Task material:
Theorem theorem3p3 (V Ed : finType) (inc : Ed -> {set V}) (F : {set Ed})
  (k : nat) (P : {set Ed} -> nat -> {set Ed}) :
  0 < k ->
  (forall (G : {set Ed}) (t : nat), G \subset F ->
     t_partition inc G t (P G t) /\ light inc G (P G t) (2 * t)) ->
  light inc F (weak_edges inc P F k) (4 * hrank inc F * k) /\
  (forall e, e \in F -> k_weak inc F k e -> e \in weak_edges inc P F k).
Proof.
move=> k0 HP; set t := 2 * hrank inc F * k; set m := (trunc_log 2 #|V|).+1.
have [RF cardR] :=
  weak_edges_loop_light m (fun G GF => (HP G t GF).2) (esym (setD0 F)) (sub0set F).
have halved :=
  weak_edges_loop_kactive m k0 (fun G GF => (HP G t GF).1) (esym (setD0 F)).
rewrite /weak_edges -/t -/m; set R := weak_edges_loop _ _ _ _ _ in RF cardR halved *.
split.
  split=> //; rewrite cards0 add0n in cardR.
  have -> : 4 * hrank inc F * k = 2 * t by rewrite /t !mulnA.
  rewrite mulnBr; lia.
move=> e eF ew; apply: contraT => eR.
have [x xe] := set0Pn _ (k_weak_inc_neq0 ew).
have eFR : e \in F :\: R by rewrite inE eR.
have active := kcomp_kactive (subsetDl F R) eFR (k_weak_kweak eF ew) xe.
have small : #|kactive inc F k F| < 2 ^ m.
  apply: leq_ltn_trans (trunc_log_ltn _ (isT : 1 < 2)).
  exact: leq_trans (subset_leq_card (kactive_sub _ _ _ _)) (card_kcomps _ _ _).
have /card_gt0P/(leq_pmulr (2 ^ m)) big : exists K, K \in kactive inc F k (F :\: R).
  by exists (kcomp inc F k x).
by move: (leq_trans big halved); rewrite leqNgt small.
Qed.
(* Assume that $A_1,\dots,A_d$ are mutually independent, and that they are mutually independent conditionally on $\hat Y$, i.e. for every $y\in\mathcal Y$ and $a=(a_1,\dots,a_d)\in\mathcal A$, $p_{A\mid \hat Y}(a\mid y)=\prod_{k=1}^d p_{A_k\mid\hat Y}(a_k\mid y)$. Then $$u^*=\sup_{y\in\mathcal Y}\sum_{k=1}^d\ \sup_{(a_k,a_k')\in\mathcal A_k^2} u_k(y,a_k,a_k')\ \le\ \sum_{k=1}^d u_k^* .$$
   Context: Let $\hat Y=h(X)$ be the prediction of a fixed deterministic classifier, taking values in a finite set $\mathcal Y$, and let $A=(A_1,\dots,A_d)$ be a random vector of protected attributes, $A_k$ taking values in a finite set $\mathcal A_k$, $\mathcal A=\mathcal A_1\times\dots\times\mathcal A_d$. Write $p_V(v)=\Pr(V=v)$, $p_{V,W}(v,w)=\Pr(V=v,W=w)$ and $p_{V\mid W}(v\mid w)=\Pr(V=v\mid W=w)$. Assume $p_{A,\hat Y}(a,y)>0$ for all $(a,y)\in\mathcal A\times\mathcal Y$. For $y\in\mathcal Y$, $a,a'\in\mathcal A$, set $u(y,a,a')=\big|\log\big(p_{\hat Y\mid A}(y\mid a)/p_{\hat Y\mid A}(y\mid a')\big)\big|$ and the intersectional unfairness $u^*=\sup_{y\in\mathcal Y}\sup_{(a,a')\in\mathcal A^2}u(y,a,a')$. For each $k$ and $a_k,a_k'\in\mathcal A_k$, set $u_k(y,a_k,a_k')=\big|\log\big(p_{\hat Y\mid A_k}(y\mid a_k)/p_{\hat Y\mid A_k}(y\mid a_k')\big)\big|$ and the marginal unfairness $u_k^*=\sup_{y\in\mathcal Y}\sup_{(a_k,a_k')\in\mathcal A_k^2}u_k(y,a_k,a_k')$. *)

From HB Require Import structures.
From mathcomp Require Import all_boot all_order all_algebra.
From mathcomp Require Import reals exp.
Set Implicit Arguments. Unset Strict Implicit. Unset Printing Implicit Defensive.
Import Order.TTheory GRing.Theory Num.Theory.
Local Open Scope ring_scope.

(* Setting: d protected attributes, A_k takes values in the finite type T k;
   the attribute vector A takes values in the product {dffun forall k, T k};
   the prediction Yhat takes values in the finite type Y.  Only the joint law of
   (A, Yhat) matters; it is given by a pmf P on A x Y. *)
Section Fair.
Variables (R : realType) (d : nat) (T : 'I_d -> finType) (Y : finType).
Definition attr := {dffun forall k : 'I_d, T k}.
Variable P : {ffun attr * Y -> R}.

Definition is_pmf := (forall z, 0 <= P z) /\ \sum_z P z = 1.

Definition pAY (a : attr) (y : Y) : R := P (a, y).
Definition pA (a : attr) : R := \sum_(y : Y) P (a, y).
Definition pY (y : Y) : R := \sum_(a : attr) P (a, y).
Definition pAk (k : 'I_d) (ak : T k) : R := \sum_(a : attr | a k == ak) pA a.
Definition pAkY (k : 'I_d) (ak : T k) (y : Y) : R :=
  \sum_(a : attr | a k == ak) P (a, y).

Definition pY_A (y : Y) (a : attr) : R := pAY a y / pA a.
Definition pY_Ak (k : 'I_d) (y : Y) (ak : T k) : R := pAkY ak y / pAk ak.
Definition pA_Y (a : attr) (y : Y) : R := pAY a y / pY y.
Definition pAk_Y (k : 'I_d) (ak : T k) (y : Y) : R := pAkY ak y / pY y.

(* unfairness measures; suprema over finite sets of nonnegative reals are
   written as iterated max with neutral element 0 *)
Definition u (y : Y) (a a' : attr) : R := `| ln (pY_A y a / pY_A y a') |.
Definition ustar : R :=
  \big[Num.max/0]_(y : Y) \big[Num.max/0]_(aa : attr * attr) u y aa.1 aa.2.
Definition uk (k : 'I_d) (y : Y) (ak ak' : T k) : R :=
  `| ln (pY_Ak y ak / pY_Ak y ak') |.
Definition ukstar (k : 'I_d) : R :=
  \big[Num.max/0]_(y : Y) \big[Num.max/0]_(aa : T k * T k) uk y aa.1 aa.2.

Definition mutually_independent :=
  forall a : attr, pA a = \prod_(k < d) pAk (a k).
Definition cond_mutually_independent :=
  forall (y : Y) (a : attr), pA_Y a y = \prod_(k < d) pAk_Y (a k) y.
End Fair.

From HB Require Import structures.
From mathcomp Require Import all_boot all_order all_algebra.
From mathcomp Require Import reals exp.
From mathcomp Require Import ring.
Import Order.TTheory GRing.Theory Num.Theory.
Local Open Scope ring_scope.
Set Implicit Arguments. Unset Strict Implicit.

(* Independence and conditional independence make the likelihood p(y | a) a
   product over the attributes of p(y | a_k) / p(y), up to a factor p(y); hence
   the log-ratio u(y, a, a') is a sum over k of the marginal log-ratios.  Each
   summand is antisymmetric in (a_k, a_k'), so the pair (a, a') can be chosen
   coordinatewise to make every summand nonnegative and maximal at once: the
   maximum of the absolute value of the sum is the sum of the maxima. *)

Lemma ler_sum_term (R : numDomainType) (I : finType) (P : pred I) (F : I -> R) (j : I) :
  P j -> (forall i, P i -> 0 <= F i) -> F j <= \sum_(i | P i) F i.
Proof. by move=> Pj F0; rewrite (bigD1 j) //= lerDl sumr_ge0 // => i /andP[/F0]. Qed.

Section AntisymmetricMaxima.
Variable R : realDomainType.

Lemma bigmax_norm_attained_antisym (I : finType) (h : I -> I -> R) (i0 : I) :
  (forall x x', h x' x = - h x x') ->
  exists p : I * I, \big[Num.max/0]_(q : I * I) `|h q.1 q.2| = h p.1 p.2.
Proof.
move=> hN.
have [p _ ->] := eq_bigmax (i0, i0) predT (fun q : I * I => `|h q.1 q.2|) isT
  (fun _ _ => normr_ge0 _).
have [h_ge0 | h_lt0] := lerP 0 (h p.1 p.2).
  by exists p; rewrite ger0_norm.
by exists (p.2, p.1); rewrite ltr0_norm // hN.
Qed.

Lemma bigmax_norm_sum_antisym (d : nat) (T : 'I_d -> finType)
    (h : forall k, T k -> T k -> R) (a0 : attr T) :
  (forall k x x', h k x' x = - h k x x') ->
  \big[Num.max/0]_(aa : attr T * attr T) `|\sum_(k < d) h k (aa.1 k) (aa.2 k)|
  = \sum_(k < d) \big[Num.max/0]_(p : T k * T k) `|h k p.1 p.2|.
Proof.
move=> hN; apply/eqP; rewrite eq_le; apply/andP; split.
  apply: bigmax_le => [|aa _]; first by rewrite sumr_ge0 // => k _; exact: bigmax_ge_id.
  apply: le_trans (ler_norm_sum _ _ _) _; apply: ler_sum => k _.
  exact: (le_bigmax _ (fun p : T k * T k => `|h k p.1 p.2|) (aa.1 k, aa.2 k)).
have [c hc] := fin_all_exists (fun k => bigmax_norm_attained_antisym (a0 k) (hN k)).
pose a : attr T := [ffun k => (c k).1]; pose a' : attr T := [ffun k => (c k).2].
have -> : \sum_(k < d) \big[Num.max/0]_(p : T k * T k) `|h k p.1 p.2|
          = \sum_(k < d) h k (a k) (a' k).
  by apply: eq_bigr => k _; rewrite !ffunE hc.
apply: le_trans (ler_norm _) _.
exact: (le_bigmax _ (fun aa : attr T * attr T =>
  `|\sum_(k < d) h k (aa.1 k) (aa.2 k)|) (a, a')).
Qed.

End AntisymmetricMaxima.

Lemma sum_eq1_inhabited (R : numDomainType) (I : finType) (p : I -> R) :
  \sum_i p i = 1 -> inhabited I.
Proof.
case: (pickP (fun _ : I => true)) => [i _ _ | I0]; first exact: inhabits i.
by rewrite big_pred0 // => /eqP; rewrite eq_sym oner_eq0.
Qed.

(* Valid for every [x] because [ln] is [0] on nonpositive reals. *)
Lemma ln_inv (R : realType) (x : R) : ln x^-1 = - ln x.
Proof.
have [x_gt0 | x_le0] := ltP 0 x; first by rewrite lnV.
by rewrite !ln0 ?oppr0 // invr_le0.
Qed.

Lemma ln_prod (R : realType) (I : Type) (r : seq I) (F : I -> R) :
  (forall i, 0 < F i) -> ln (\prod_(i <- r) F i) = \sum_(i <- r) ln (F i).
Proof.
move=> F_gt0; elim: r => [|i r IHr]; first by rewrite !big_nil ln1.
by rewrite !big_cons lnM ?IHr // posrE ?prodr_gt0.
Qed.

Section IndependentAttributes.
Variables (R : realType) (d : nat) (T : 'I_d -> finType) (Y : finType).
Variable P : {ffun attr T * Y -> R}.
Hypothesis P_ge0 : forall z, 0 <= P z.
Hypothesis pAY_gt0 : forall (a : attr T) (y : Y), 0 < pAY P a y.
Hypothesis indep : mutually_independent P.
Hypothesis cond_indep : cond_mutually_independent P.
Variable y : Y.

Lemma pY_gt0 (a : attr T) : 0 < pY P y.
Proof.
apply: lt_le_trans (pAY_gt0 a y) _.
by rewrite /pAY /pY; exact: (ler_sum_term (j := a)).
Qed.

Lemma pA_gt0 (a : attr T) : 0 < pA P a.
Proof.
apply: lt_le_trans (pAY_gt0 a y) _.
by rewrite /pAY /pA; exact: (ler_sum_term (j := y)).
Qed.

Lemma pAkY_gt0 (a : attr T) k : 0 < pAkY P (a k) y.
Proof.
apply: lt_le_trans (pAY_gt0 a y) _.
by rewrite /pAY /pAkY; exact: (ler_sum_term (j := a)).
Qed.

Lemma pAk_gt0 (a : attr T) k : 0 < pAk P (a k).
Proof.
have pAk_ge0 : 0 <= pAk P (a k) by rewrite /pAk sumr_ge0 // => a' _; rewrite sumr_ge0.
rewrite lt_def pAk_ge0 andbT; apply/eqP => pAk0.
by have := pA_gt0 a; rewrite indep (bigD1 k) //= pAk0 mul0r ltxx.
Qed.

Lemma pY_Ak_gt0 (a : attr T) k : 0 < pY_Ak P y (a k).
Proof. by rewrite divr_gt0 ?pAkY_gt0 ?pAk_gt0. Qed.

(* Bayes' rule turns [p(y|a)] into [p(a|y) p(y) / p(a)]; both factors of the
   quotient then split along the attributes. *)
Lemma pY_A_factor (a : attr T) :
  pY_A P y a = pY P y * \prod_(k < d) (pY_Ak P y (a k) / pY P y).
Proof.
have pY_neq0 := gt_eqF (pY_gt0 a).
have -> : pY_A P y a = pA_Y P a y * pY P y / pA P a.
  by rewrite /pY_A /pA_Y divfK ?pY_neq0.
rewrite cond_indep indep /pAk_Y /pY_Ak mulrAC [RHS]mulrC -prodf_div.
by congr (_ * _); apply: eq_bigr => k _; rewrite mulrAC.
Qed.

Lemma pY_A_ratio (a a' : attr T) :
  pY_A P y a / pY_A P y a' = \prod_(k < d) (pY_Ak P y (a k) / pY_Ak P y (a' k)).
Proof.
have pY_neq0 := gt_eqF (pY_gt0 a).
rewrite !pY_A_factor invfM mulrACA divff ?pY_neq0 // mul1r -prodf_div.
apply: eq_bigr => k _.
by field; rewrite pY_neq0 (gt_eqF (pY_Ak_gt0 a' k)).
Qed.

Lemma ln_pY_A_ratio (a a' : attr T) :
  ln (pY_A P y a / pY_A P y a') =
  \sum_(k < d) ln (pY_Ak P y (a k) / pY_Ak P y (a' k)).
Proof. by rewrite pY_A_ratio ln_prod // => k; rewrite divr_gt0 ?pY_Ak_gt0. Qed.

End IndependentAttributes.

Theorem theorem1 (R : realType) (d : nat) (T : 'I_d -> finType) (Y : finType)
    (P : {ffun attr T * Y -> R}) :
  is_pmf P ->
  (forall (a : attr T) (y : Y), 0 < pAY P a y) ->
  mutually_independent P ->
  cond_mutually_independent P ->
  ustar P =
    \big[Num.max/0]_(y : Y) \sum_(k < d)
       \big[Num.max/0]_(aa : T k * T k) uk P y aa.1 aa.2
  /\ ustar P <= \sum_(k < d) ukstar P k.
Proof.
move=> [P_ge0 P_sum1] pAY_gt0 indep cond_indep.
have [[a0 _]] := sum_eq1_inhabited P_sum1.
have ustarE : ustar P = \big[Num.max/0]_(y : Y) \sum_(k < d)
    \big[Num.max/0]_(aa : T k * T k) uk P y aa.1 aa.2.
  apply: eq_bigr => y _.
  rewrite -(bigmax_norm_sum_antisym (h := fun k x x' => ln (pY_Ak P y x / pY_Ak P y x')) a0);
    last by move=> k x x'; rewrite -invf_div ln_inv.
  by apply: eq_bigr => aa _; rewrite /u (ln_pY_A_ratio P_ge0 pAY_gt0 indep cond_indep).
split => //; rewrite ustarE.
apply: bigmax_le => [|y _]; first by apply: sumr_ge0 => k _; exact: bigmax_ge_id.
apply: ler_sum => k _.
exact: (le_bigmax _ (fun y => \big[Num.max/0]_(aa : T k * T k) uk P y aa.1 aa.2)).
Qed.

Action item: In the listing above, find the line containing "Definition is_pmf := (forall" and the line containing "Definition pY (y", then repeat those two lines and everything between them exactly.

The completed task:
Definition is_pmf := (forall z, 0 <= P z) /\ \sum_z P z = 1.

Definition pAY (a : attr) (y : Y) : R := P (a, y).
Definition pA (a : attr) : R := \sum_(y : Y) P (a, y).
Definition pY (y : Y) : R := \sum_(a : attr) P (a, y).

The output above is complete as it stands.